Collected data entries
(* Let $G$ be an undirected weighted graph with vertex set $V(G)$, weight function $w$ and vertex weight $\nu$ as described in the context. Let $\mathcal{S}=(S_m)_{m=0,\ldots,n}$ be a partition of $V(G)$ into disjoint sets, and assume $K_m=K_m(\mathcal{S})>0$ for all $m=0,\ldots,n-1$. For $f:V(G)\to\mathbb{C}$ write $f_0=f|_{S_0}$. Then for all $1<p<\infty$, $1<q<\infty$ with $1/p+1/q=1$, and all $f\in \ell^p_\nu(G)$, \[ \| f \|_{p,\nu} \le \left( \sum_{m=0}^{n} \prod_{j=0}^{m-1} \frac{D_j}{K_j} \right)^{1/p} \| f_0 \|_{p,\nu} + \left( \sum_{m=1}^n \left( \sum_{k=1}^m \frac{1}{K_{k-1}^{q/p}} \left( \prod_{i=k}^{m-1} \frac{D_i}{K_i} \right)^{q/p} \right)^{p/q} \right)^{1/p} \| \nabla_w f \|_{p}. \] Moreover, for all $f\in \ell^1_\nu(G)$, \[ \| f \|_{1,\nu} \le \left( \sum_{m=0}^{n} \prod_{j=0}^{m-1} \frac{D_j}{K_j} \right) \| f_0 \|_{1,\nu} + \max_{k=1,\ldots,n} \left( \frac{1}{K_{k-1}} \sum_{m=k}^n \prod_{i=k}^{m-1} \frac{D_i}{K_i} \right) \| \nabla_w f \|_{1}. \]
   Context: $G$ is an undirected weighted graph: $V(G)$ is a (countable) vertex set and $w:V(G)\times V(G)\to[0,\infty)$ is symmetric ($w(u,v)=w(v,u)$) with $w(u,u)=0$; the edges are the pairs $(u,v)$ with $w(u,v)\neq 0$. A strictly positive weight $\nu:V(G)\to(0,\infty)$ is fixed. For $1\le p<\infty$, $\ell^p_\nu(G)$ is the space of $f:V(G)\to\mathbb{C}$ with $\|f\|_{p,\nu}=\left(\sum_{v\in V(G)}|f(v)|^p\nu(v)\right)^{1/p}<\infty$; for a subset $A$, $\|f|_A\|_{p,\nu}=\left(\sum_{v\in A}|f(v)|^p\nu(v)\right)^{1/p}$. The weighted gradient $p$-norm is $\|\nabla_w f\|_p=\left(\sum_{u,v\in V(G)}|f(u)-f(v)|^p w(u,v)\right)^{1/p}$ (sum over ordered pairs). For $A\subset V(G)$ and $v\in V(G)$, $w_A(v)=\sum_{u\in A}w(u,v)$. For a partition $\mathcal{S}=(S_m)_{m=0,\ldots,n}$ of $V(G)$: $D_m=D_m(\mathcal{S})=\sup_{v\in S_m} \frac{w_{S_{m+1}}(v)}{\nu(v)}$ and $K_m=K_m(\mathcal{S})=\inf_{v\in S_{m+1}}\frac{w_{S_m}(v)}{\nu(v)}$. Convention: a product over an empty index range equals $1$ and a sum over an empty index range equals $0$. *)

From HB Require Import structures.
From mathcomp Require Import all_boot all_order all_algebra.
From mathcomp Require Import all_classical all_reals all_analysis.
From mathcomp Require Import complex.
Set Implicit Arguments. Unset Strict Implicit. Unset Printing Implicit Defensive.
Import Order.TTheory GRing.Theory Num.Theory.
Local Open Scope classical_set_scope.
Local Open Scope ring_scope.

Section GraphDefs.
Variables (R : realType) (V : choiceType).

Definition cmod (z : R[i]) : R := Normc.normc z.

Definition wA (w : V -> V -> R) (A : set V) (v : V) : \bar R :=
  (\esum_(u in A) (w u v)%:E)%R.

Definition Dm (w : V -> V -> R) (nu : V -> R) (S : nat -> set V) (m : nat)
  : \bar R :=
  ereal_sup [set (wA w (S m.+1) v * (nu v)^-1%:E)%E | v in S m].

Definition Km (w : V -> V -> R) (nu : V -> R) (S : nat -> set V) (m : nat)
  : \bar R :=
  ereal_inf [set (wA w (S m) v * (nu v)^-1%:E)%E | v in S m.+1].

Definition psum (p : R) (nu : V -> R) (A : set V) (f : V -> R[i]) : \bar R :=
  (\esum_(v in A) ((cmod (f v)) `^ p * nu v)%:E)%R.

Definition pnorm (p : R) (nu : V -> R) (A : set V) (f : V -> R[i]) : \bar R :=
  poweR (psum p nu A f) p^-1.

(* ||grad_w f||_p = (sum_{(u,v)} |f u - f v|^p w(u,v))^(1/p), ordered pairs *)
Definition gradnorm (p : R) (w : V -> V -> R) (f : V -> R[i]) : \bar R :=
  poweR (\esum_(uv in [set: V * V])
           ((cmod (f uv.1 - f uv.2)) `^ p * w uv.1 uv.2)%:E)%R p^-1.

End GraphDefs.

From HB Require Import structures.
From mathcomp Require Import all_boot all_order all_algebra.
From mathcomp Require Import all_classical all_reals all_analysis.
From mathcomp Require Import complex.
From mathcomp Require Import ring zify.
Set Implicit Arguments. Unset Strict Implicit. Unset Printing Implicit Defensive.
Import Order.TTheory GRing.Theory Num.Theory.
Local Open Scope classical_set_scope.
Local Open Scope ring_scope.

(* Write a_m for the p-th power of the norm of f on S_m and g_m for the part of
   the gradient sum carried by the edges between S_m and S_(m+1).  For v in
   S_(m+1) we have K_m nu(v) |f v|^p <= sum_(u in S_m) w(u,v) |f v|^p; splitting
   |f v| <= |f u| + |f u - f v| with the convexity weights l^(1-p), (1-l)^(1-p)
   and using sum_(v in S_(m+1)) w(u,v) <= D_m nu(u) gives, for every 0 < l < 1,
   K_m a_(m+1) <= l^(1-p) D_m a_m + (1-l)^(1-p) g_m.  Optimizing in l turns this
   into the one-step estimate (K_m a_(m+1))^(1/p) <= (D_m a_m)^(1/p) + g_m^(1/p).
   Iterating it bounds each a_m^(1/p) by a_0^(1/p) and the g_k^(1/p), k < m;
   Minkowski's inequality in m and Hoelder's inequality in k give the estimate
   for p > 1, and exchanging the two summations gives the one for p = 1. *)

Section PowerInequalities.
Variable R : realType.
Implicit Types (a b l p q x y X Y Z : R).

(* [split_weight p l = l^(1-p)] for [l > 0]. *)
Definition split_weight p l : R := l * (l^-1) `^ p.

Lemma split_weight_ge0 p l : 0 <= l -> 0 <= split_weight p l.
Proof. by move=> l0; rewrite mulr_ge0 ?powR_ge0. Qed.

(* Convexity of [x `^ p] at the point [l (a / l) + (1 - l) (b / (1 - l))]. *)
Lemma powRD_le_split p l a b : 1 <= p -> 0 < l < 1 -> 0 <= a -> 0 <= b ->
  (a + b) `^ p <= split_weight p l * a `^ p + split_weight p (1 - l) * b `^ p.
Proof.
move=> p1 /andP[l0 l1] a0 b0.
have l1' : 0 < 1 - l by rewrite subr_gt0.
pose t : {i01 R} := Itv01 (ltW l0) (ltW l1).
have := @convex_powR R p p1 t (a / l) (b / (1 - l)).
rewrite !inE /= !in_itv /= !andbT !divr_ge0 ?(ltW l0) ?(ltW l1') // => /(_ isT isT).
rewrite [conv _ _ _]convRE /= /unstable.onem.
rewrite !mulrA !(mulrC l) !(mulrC (1 - l)) -!mulrA !divff ?gt_eqF // !mulr1.
rewrite /split_weight !powRM ?invr_ge0 ?(ltW l0) ?(ltW l1') //.
by rewrite convRE /= /unstable.onem (mulrC (a `^ p)) (mulrC (b `^ p)) !mulrA.
Qed.

Lemma powRK p x : 0 < p -> 0 <= x -> (x `^ p) `^ p^-1 = x.
Proof. by move=> p0 x0; rewrite -powRrM mulfV ?gt_eqF // powRr1. Qed.

Lemma powRVK p x : 0 < p -> 0 <= x -> (x `^ p^-1) `^ p = x.
Proof. by move=> p0 x0; rewrite -powRrM mulVf ?gt_eqF // powRr1. Qed.

Lemma powR_inv x r : 0 <= x -> (x^-1) `^ r = (x `^ r)^-1.
Proof.
rewrite le_eqVlt => /predU1P[<-|xp].
  by rewrite invr0 /powR eqxx; case: (r == 0); rewrite ?invr1 ?invr0.
have := @powRM R (x^-1) x r; rewrite invr_ge0 (ltW xp) mulVf ?gt_eqF // powR1.
move=> /(_ isT isT) H.
have xr : x `^ r != 0 by rewrite gt_eqF // powR_gt0.
by apply: (mulIf xr); rewrite -H mulVf.
Qed.

(* [split_weight p l] tends to [1] as [l] tends to [1]; the witness below is
   [l = 2 / (1 + (Z / Y)^(1/(p-1)))]. *)
Lemma le_of_split_weight p Z Y : 1 <= p -> 0 <= Z -> 0 <= Y ->
  (forall l, 0 < l < 1 -> Z <= split_weight p l * Y) -> Z <= Y.
Proof.
move=> p1 Z0 Y0 H; rewrite leNgt; apply/negP => YZ.
have half : 0 < (2^-1 : R) < 1 by rewrite invr_gt0 ltr0n /= invf_lt1 ?ltr1n.
have [Y00|Yn0] := eqVneq Y 0.
  by move: (H _ half) YZ; rewrite Y00 mulr0 => Zle /lt_le_trans /(_ Zle); rewrite ltxx.
have Ypos : 0 < Y by rewrite lt_neqAle eq_sym Yn0.
have [pe|pn1] := eqVneq p 1.
  move: (H _ half) YZ; rewrite /split_weight pe powRr1 ?invr_ge0 // mulfV ?mul1r //.
  by move=> Zle /lt_le_trans /(_ Zle); rewrite ltxx.
have p1s : 1 < p by rewrite lt_neqAle eq_sym pn1 p1.
have e0 : 0 < (p - 1)^-1 by rewrite invr_gt0 subr_gt0.
have ZY1 : 1 < Z / Y by rewrite ltr_pdivlMr // mul1r.
set rho := (Z / Y) `^ (p - 1)^-1.
have rho1 : 1 < rho.
  have := @gt0_ltr_powR R _ e0 1 (Z / Y).
  by rewrite powR1; apply; rewrite ?nnegrE ?ler01 ?(le_trans ler01 (ltW ZY1)).
set m := (1 + rho) / 2.
have m1 : 1 < m by rewrite /m ltr_pdivlMr // mul1r -[2]/(1 + 1 : R) ltrD2l.
have mrho : m < rho by rewrite /m ltr_pdivrMr // mulrDr mulr1 ltrD2r.
have m0 : 0 < m by rewrite (lt_trans ltr01).
have hm : 0 < m^-1 < 1 by rewrite invr_gt0 m0 /= invf_lt1.
move: (H _ hm); rewrite /split_weight invrK.
have -> : m^-1 * m `^ p = m `^ (p - 1).
  by rewrite powRB ?gt_eqF ?implybT // powRr1 ?ltW // mulrC.
move=> HZ.
have : m `^ (p - 1) < rho `^ (p - 1).
  by apply: gt0_ltr_powR; rewrite ?subr_gt0 ?nnegrE ?ltW // (lt_trans ltr01).
rewrite /rho -powRrM mulVf ?gt_eqF ?subr_gt0 // powRr1 ?divr_ge0 //.
by rewrite -(ltr_pM2r Ypos) divfK ?gt_eqF // => /(le_lt_trans HZ); rewrite ltxx.
Qed.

- [Exercise objective]: Which lines above hold the word "Definition"? Copy each of them.

- [Task output]:
Definition cmod (z : R[i]) : R := Normc.normc z.
Definition wA (w : V -> V -> R) (A : set V) (v : V) : \bar R :=
Definition Dm (w : V -> V -> R) (nu : V -> R) (S : nat -> set V) (m : nat)
Definition Km (w : V -> V -> R) (nu : V -> R) (S : nat -> set V) (m : nat)
Definition psum (p : R) (nu : V -> R) (A : set V) (f : V -> R[i]) : \bar R :=
Definition pnorm (p : R) (nu : V -> R) (A : set V) (f : V -> R[i]) : \bar R :=
Definition gradnorm (p : R) (w : V -> V -> R) (f : V -> R[i]) : \bar R :=
Definition split_weight p l : R := l * (l^-1) `^ p.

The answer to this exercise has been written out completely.